→ **TASK PROMPT**: Of the lines in the data below, count the ones holding the string "case", and answer with that number only.

→ **Saved data entries**:
*** Begin section ***

(* Consider a power network whose graph $(\mathcal{V},\mathcal{E})$, $\mathcal{V}=\{1,\dots,n\}$, is a tree, with fixed voltage magnitudes $|V_i|=\overline{V}_i>0$ at every bus and, for every line $(i,k)\in\mathcal{E}$, a local angle constraint $\underline{\theta}_{ik}\le\theta_{ik}\le\overline{\theta}_{ik}$ with $\underline{\theta}_{ik}\in[-\pi,0]$, $\overline{\theta}_{ik}\in[0,\pi]$ (and no other constraints). Let $\mathcal{F}=\prod_{(i,k)\in\mathcal{E}}\mathcal{F}_{ik}$ be the flow region and $\mathcal{P}=\mathbf{A}\mathcal{F}$ the injection region. Then $\mathcal{O}(\mathcal{P})=\mathcal{O}(\mathrm{conv}(\mathcal{P}))$.
   Context: Each line $(i,k)\in\mathcal{E}$ has admittance $y_{ik}=g_{ik}-jb_{ik}$ with $g_{ik},b_{ik}\ge0$. For a line $(i,k)$ and angle difference $\theta_{ik}=\theta_i-\theta_k$ of the bus voltage phases, the flows are $P_{ik}=\overline{V}_i^2 g_{ik}+\overline{V}_i\overline{V}_k b_{ik}\sin\theta_{ik}-\overline{V}_i\overline{V}_k g_{ik}\cos\theta_{ik}$ and $P_{ki}=\overline{V}_k^2 g_{ik}-\overline{V}_i\overline{V}_k b_{ik}\sin\theta_{ik}-\overline{V}_i\overline{V}_k g_{ik}\cos\theta_{ik}$. The two-bus flow region $\mathcal{F}_{ik}\subset\mathbb{R}^2$ is the set of pairs $(P_{ik},P_{ki})$ obtained as $\theta_{ik}$ ranges over $[\underline{\theta}_{ik},\overline{\theta}_{ik}]$; $\mathcal{F}\subset\mathbb{R}^{2|\mathcal{E}|}$ is the product of these sets (one coordinate per ordered pair $(i,k)$ and $(k,i)$). $\mathbf{A}$ is the $n\times 2|\mathcal{E}|$ matrix with $A(i,(k,l))=1$ if $i=k$ and $0$ otherwise, so that $(\mathbf{A}\mathbf{f})_i=P_i=\sum_{k\sim i}P_{ik}$ is the net real power injection at bus $i$. For $\mathcal{A}\subseteq\mathbb{R}^m$, $\mathcal{O}(\mathcal{A})$ is the set of Pareto-optimal points of $\mathcal{A}$ (points $x\in\mathcal{A}$ such that no $y\in\mathcal{A}$ satisfies $y\le x$ componentwise with strict inequality in some coordinate), and $\mathrm{conv}$ denotes convex hull. *)

From HB Require Import structures.
From mathcomp Require Import all_boot all_order all_algebra.
From mathcomp Require Import all_classical all_reals all_analysis.
Set Implicit Arguments. Unset Strict Implicit. Unset Printing Implicit Defensive.
Import Order.TTheory GRing.Theory Num.Theory.
Local Open Scope classical_set_scope.
Local Open Scope ring_scope.

Section PowerDefs.
Variable R : realType.

(* A network on buses 'I_n with m lines; line e joins (ends e).1 and (ends e).2,
   i.e. it is the line (i,k) with i = (ends e).1, k = (ends e).2. *)

Definition adj_wo (n m : nat) (ends : 'I_m -> 'I_n * 'I_n) (e0 : option 'I_m)
  : rel 'I_n :=
  fun i j => [exists e : 'I_m, (Some e != e0) &&
     (((ends e).1 == i) && ((ends e).2 == j) ||
      ((ends e).1 == j) && ((ends e).2 == i))].

(* tree: nonempty, connected, and acyclic (every line is a bridge, i.e. its
   endpoints are disconnected once the line is removed; this also rules out
   self-loops and parallel lines) *)
Definition is_tree (n m : nat) (ends : 'I_m -> 'I_n * 'I_n) : Prop :=
  (0 < n)%N /\
  (forall i j : 'I_n, connect (adj_wo ends None) i j) /\
  (forall e : 'I_m, ~~ connect (adj_wo ends (Some e)) (ends e).1 (ends e).2).

Definition flow_ik (Vi Vk g b th : R) : R :=
  Vi ^+ 2 * g + Vi * Vk * b * sin th - Vi * Vk * g * cos th.
Definition flow_ki (Vi Vk g b th : R) : R :=
  Vk ^+ 2 * g - Vi * Vk * b * sin th - Vi * Vk * g * cos th.

Definition flow_region (Vi Vk g b lo hi : R) : set (R * R) :=
  [set pq | exists th, lo <= th <= hi /\
            pq = (flow_ik Vi Vk g b th, flow_ki Vi Vk g b th)].

(* injection region P = A F, F = product of the F_ik:
   P_i = sum over ordered pairs (i,k) of the flow P_ik *)
Definition injection_region (n m : nat) (ends : 'I_m -> 'I_n * 'I_n)
  (V : 'I_n -> R) (g b lo hi : 'I_m -> R) : set ('I_n -> R) :=
  [set p | exists f : 'I_m -> R * R,
     (forall e, flow_region (V (ends e).1) (V (ends e).2) (g e) (b e) (lo e) (hi e) (f e)) /\
     p = (fun i => \sum_(e < m | (ends e).1 == i) (f e).1
                 + \sum_(e < m | (ends e).2 == i) (f e).2)].

Definition pareto (n : nat) (A : set ('I_n -> R)) : set ('I_n -> R) :=
  [set x | A x /\ ~ (exists y, A y /\ (forall i, y i <= x i) /\ (exists i, y i < x i))].

Definition conv_hull (n : nat) (A : set ('I_n -> R)) : set ('I_n -> R) :=
  [set x | exists (k : nat) (w : 'I_k -> R) (p : 'I_k -> 'I_n -> R),
     (forall j, 0 <= w j) /\ \sum_(j < k) w j = 1 /\ (forall j, A (p j)) /\
     x = (fun i => \sum_(j < k) w j * p j i)].

End PowerDefs.

From HB Require Import structures.
From mathcomp Require Import all_boot all_order all_algebra.
From mathcomp Require Import all_classical all_reals all_analysis.
From mathcomp Require Import ring lra.
Import Order.TTheory GRing.Theory Num.Theory.
Local Open Scope classical_set_scope.
Local Open Scope ring_scope.

(* The constraints are local to each line, so the injection region is the
   image of the product of the two-bus regions under the linear, monotone map
   A.  Both flows of a line are affine in (sin θ, cos θ) with a nonpositive
   coefficient in cos θ.  A convex combination of points of the arc
   θ ∈ [lo, hi] has coordinates (s, c) with s² + c² <= 1; the angle asin s
   still lies in [lo, hi] and has the same sine and a cosine >= c.  Hence
   every point of conv(F_ik) is dominated by a point of F_ik, every point of
   conv(P) by a point of P, and dominated sets have the same Pareto points. *)

Lemma pareto_eq_of_dominated (R : realType) (n : nat) (A B : set ('I_n -> R)) :
  A `<=` B -> (forall y, B y -> exists2 z, A z & forall i, z i <= y i) ->
  pareto A = pareto B.
Proof.
move=> AB domB; apply/seteqP; split => x [Ax minx].
  split; first exact: AB.
  move=> [y [By [yx [i yi]]]]; have [z Az zy] := domB y By.
  apply: minx; exists z; split => //; split => [j|]; first exact: le_trans (yx j).
  by exists i; exact: le_lt_trans (zy i) yi.
have [z Az zx] := domB x Ax.
have -> : x = z.
  apply: funext => i; apply/eqP; rewrite eq_le zx andbT leNgt; apply/negP => zi.
  by apply: minx; exists z; split; [exact: AB | split => //; exists i].
split=> // -[y [Ay [yz [i yi]]]]; apply: minx.
exists y; split; first exact: AB.
split=> [j|]; first exact: le_trans (yz j) (zx j).
by exists i; exact: lt_le_trans yi (zx i).
Qed.

Lemma subset_conv_hull (R : realType) (n : nat) (A : set ('I_n -> R)) :
  A `<=` conv_hull A.
Proof.
move=> x Ax; exists 1%N, (fun _ => 1), (fun _ => x).
split=> [_|]; first exact: ler01.
split; first by rewrite big_ord1.
by split=> //; apply: funext => i; rewrite big_ord1 mul1r.
Qed.

Section WeightedAverages.
Context {R : realType} {k : nat} {w : 'I_k -> R}.
Hypotheses (w_ge0 : forall j, 0 <= w j) (w_sum1 : \sum_(j < k) w j = 1).

Lemma wavg_affine (x y : 'I_k -> R) (a b c : R) :
  \sum_(j < k) w j * (a + b * x j + c * y j) =
  a + b * \sum_(j < k) w j * x j + c * \sum_(j < k) w j * y j.
Proof.
transitivity (\sum_(j < k) (a * w j + b * (w j * x j) + c * (w j * y j))).
  by apply: eq_bigr => j _; ring.
by rewrite !big_split /= -!mulr_sumr w_sum1 mulr1.
Qed.

Lemma wavg_le (x : 'I_k -> R) (M : R) :
  (forall j, x j <= M) -> \sum_(j < k) w j * x j <= M.
Proof.
move=> xM; rewrite -[M]mul1r -w_sum1 mulr_suml.
by apply: ler_sum => j _; rewrite ler_wpM2l.
Qed.

Lemma wavg_ge (x : 'I_k -> R) (M : R) :
  (forall j, M <= x j) -> M <= \sum_(j < k) w j * x j.
Proof.
move=> Mx; rewrite -[M]mul1r -w_sum1 mulr_suml.
by apply: ler_sum => j _; rewrite ler_wpM2l.
Qed.

Lemma sqr_wavg_le (x : 'I_k -> R) :
  (\sum_(j < k) w j * x j) ^+ 2 <= \sum_(j < k) w j * x j ^+ 2.
Proof.
set s := \sum_(j < k) w j * x j.
have : 0 <= \sum_(j < k) w j * (s ^+ 2 + (- (2 * s)) * x j + 1 * x j ^+ 2).
  apply: sumr_ge0 => j _; apply: mulr_ge0 => //.
  by have := sqr_ge0 (x j - s); congr (0 <= _); ring.
by rewrite wavg_affine -/s mul1r; lra.
Qed.

End WeightedAverages.

Section ArcAverages.
Context {R : realType}.

Lemma ler_sin : {in `[(- (pi / 2)), pi / 2] &, {mono (@sin R) : x y / x <= y}}.
Proof. by apply: le_mono_in => x y xI yI; rewrite ltr_sin. Qed.

Lemma sin_le_sin (x y : R) : - pi <= x <= y -> 0 <= y <= pi / 2 -> sin x <= sin y.
Proof.
move=> /andP[pi_x xy] /andP[y0 y_pi2]; have pi0 := pi_gt0 R.
have [x0|x_gt0] := lerP x 0.
  have siny : 0 <= sin y by apply: sin_ge0_pi; apply/andP; split; lra.
  have : 0 <= sin (- x) by apply: sin_ge0_pi; apply/andP; split; lra.
  by rewrite sinN; lra.
by rewrite ler_sin // in_itv /=; apply/andP; split; lra.
Qed.

Lemma asin_le (s y : R) : -1 <= s <= sin y -> 0 <= y <= pi / 2 -> asin s <= y.
Proof.
move=> /andP[s_ge sy] y_range; have pi0 := pi_gt0 R.
have s1 : -1 <= s <= 1 by rewrite s_ge (le_trans sy (sin_le1 y)).
have asin_range : - (pi / 2) <= asin s <= pi / 2.
  by rewrite asin_geNpi2 ?asin_lepi2.
rewrite -ler_sin ?asinK ?in_itv //=; apply/andP; split; lra.
Qed.

Lemma asin_ge (s y : R) : sin y <= s <= 1 -> - (pi / 2) <= y <= 0 -> y <= asin s.
Proof.
move=> /andP[ys s_le] y_range; have pi0 := pi_gt0 R.
have s1 : -1 <= s <= 1 by rewrite s_le andbT (le_trans (sin_geN1 y) ys).
have asin_range : - (pi / 2) <= asin s <= pi / 2.
  by rewrite asin_geNpi2 ?asin_lepi2.
rewrite -ler_sin ?asinK ?in_itv //=; apply/andP; split; lra.
Qed.

Section ArcWeights.
Context {lo hi : R} {k : nat} {w : 'I_k -> R} (th : 'I_k -> R).
Hypotheses (lo_range : - pi <= lo <= 0) (hi_range : 0 <= hi <= pi).
Hypotheses (w_ge0 : forall j, 0 <= w j) (w_sum1 : \sum_(j < k) w j = 1).
Hypothesis th_range : forall j, lo <= th j <= hi.

Let s := \sum_(j < k) w j * sin (th j).
Let c := \sum_(j < k) w j * cos (th j).

Lemma wavg_sin_bound : -1 <= s <= 1.
Proof.
by rewrite wavg_ge ?wavg_le // => j; rewrite ?sin_geN1 ?sin_le1.
Qed.

Lemma asin_wavg_sin_mem : lo <= asin s <= hi.
Proof.
have pi0 := pi_gt0 R; have s1 := wavg_sin_bound.
case/andP: (s1) => s_ge s_le; case/andP: lo_range => lo_ge lo_le.
case/andP: hi_range => hi_ge hi_le; apply/andP; split.
  have [lo_pi2|lo_gt] := lerP lo (- (pi / 2)); first exact: le_trans (asin_geNpi2 s1).
  apply: asin_ge; last by apply/andP; split; lra.
  rewrite s_le andbT; apply: wavg_ge => // j.
  suff : sin (- th j) <= sin (- lo) by rewrite !sinN; lra.
  by case/andP: (th_range j) => lo_th th_hi; apply: sin_le_sin; apply/andP; split; lra.
have [pi2_hi|hi_lt] := lerP (pi / 2) hi; first exact: le_trans (asin_lepi2 s1) _.
apply: asin_le; last by apply/andP; split; lra.
rewrite s_ge /=; apply: wavg_le => // j.
by case/andP: (th_range j) => lo_th th_hi; apply: sin_le_sin; apply/andP; split; lra.
Qed.

(* By Jensen (s, c) lies in the unit disk, below the circle point of sine s. *)
Lemma wavg_cos_le_cos_asin : c <= cos (asin s).
Proof.
have disk : s ^+ 2 + c ^+ 2 <= 1.
  have := sqr_wavg_le w_ge0 w_sum1 (fun j => sin (th j)).
  have := sqr_wavg_le w_ge0 w_sum1 (fun j => cos (th j)).
  have <- : \sum_(j < k) w j * (0 + 1 * sin (th j) ^+ 2 + 1 * cos (th j) ^+ 2) = 1.
    rewrite -[in RHS]w_sum1; apply: eq_bigr => j _.
    by rewrite add0r !mul1r addrC cos2Dsin2 mulr1.
  by rewrite wavg_affine // -/s -/c; lra.
rewrite cos_asin ?wavg_sin_bound //.
have [c0|c_gt0] := lerP c 0; first exact: le_trans (sqrtr_ge0 _).
rewrite -(ger0_norm (ltW c_gt0)) -sqrtr_sqr ler_sqrt; first lra.
by have := sqr_ge0 c; lra.
Qed.

End ArcWeights.

Lemma flow_region_wavg_dominated {Vi Vk g b lo hi : R} {k : nat} {w : 'I_k -> R}
    (p : 'I_k -> R * R) :
  0 <= Vi -> 0 <= Vk -> 0 <= g -> - pi <= lo <= 0 -> 0 <= hi <= pi ->
  (forall j, 0 <= w j) -> \sum_(j < k) w j = 1 ->
  (forall j, flow_region Vi Vk g b lo hi (p j)) ->
  exists2 q, flow_region Vi Vk g b lo hi q &
    q.1 <= \sum_(j < k) w j * (p j).1 /\ q.2 <= \sum_(j < k) w j * (p j).2.
Proof.
move=> Vi0 Vk0 g0 lo_range hi_range w0 w1 /choice[th th_p].
have th_range j : lo <= th j <= hi by case: (th_p j).
set t := asin (\sum_(j < k) w j * sin (th j)).
exists (flow_ik Vi Vk g b t, flow_ki Vi Vk g b t).
  by exists t; split; first exact: asin_wavg_sin_mem.
have avg1 : \sum_(j < k) w j * (p j).1 = \sum_(j < k) w j *
    (Vi ^+ 2 * g + Vi * Vk * b * sin (th j) + - (Vi * Vk * g) * cos (th j)).
  by apply: eq_bigr => j _; rewrite (th_p j).2 /= /flow_ik; congr (_ * _); ring.
have avg2 : \sum_(j < k) w j * (p j).2 = \sum_(j < k) w j *
    (Vk ^+ 2 * g + - (Vi * Vk * b) * sin (th j) + - (Vi * Vk * g) * cos (th j)).
  by apply: eq_bigr => j _; rewrite (th_p j).2 /= /flow_ki; congr (_ * _); ring.
have sin_t : sin t = \sum_(j < k) w j * sin (th j).
  by rewrite asinK // in_itv /= (wavg_sin_bound th w0 w1).
have cos_coef : 0 <= Vi * Vk * g by rewrite !mulr_ge0.
have := ler_wpM2l cos_coef (wavg_cos_le_cos_asin th w0 w1).
rewrite /= avg1 avg2 !wavg_affine // /flow_ik /flow_ki sin_t.
by split; lra.
Qed.

End ArcAverages.

Section Injections.
Variables (R : realType) (n m : nat) (ends : 'I_m -> 'I_n * 'I_n).

Definition bus_injection (f : 'I_m -> R * R) : 'I_n -> R :=
  fun i => \sum_(e < m | (ends e).1 == i) (f e).1 + \sum_(e < m | (ends e).2 == i) (f e).2.

Lemma bus_injection_le (f f' : 'I_m -> R * R) :
  (forall e, (f e).1 <= (f' e).1 /\ (f e).2 <= (f' e).2) ->
  forall i, bus_injection f i <= bus_injection f' i.
Proof.
by move=> ff' i; apply: lerD; apply: ler_sum => e _; case: (ff' e).
Qed.

Lemma bus_injection_wavg (k : nat) (w : 'I_k -> R) (F : 'I_k -> 'I_m -> R * R) i :
  \sum_(j < k) w j * bus_injection (F j) i =
  bus_injection (fun e => (\sum_(j < k) w j * (F j e).1,
                           \sum_(j < k) w j * (F j e).2)) i.
Proof.
rewrite /bus_injection /= (exchange_big_dep xpredT) //=.
rewrite [X in _ + X](exchange_big_dep xpredT) //= -big_split /=.
apply: eq_bigr => j _; rewrite mulrDr !mulr_sumr.
by congr (_ + _); apply: eq_bigl => e; rewrite andbT.
Qed.

Lemma conv_injection_region_dominated (V : 'I_n -> R) (g b lo hi : 'I_m -> R) :
  (forall i, 0 < V i) -> (forall e, 0 <= g e) ->
  (forall e, - pi <= lo e <= 0) -> (forall e, 0 <= hi e <= pi) ->
  forall x, conv_hull (injection_region ends V g b lo hi) x ->
  exists2 z, injection_region ends V g b lo hi z & forall i, z i <= x i.
Proof.
move=> V_gt0 g_ge0 lo_range hi_range x [k [w [p [w0 [w1 [p_in ->]]]]]].
pose F_line e := flow_region (V (ends e).1) (V (ends e).2) (g e) (b e) (lo e) (hi e).
have /choice[F F_p] :
    forall j, exists f, (forall e, F_line e (f e)) /\ p j = bus_injection f := p_in.
have /choice[q q_p] : forall e, exists q, F_line e q /\
    q.1 <= \sum_(j < k) w j * (F j e).1 /\ q.2 <= \sum_(j < k) w j * (F j e).2.
  move=> e; have [q q_in q_le] := flow_region_wavg_dominated (fun j => F j e)
    (ltW (V_gt0 _)) (ltW (V_gt0 _)) (g_ge0 e) (lo_range e) (hi_range e) w0 w1
    (fun j => (F_p j).1 e).
  by exists q.
exists (bus_injection q); first by exists q; split=> // e; case: (q_p e).
move=> i /=; under eq_bigr => j _ do rewrite (F_p j).2.
by rewrite bus_injection_wavg; apply: bus_injection_le => e; case: (q_p e).
Qed.

End Injections.

Theorem lemma2 (R : realType) (n m : nat) (ends : 'I_m -> 'I_n * 'I_n)
  (V : 'I_n -> R) (g b lo hi : 'I_m -> R) :
  is_tree ends ->
  (forall i, 0 < V i) ->
  (forall e, 0 <= g e) -> (forall e, 0 <= b e) ->
  (forall e, - pi <= lo e <= 0) -> (forall e, 0 <= hi e <= pi) ->
  pareto (injection_region ends V g b lo hi) =
  pareto (conv_hull (injection_region ends V g b lo hi)).
Proof.
move=> _ V_gt0 g_ge0 _ lo_range hi_range.
apply: pareto_eq_of_dominated; first exact: subset_conv_hull.
exact: conv_injection_region_dominated.
Qed.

*** End section ***

→ **TASK ANSWER**: 8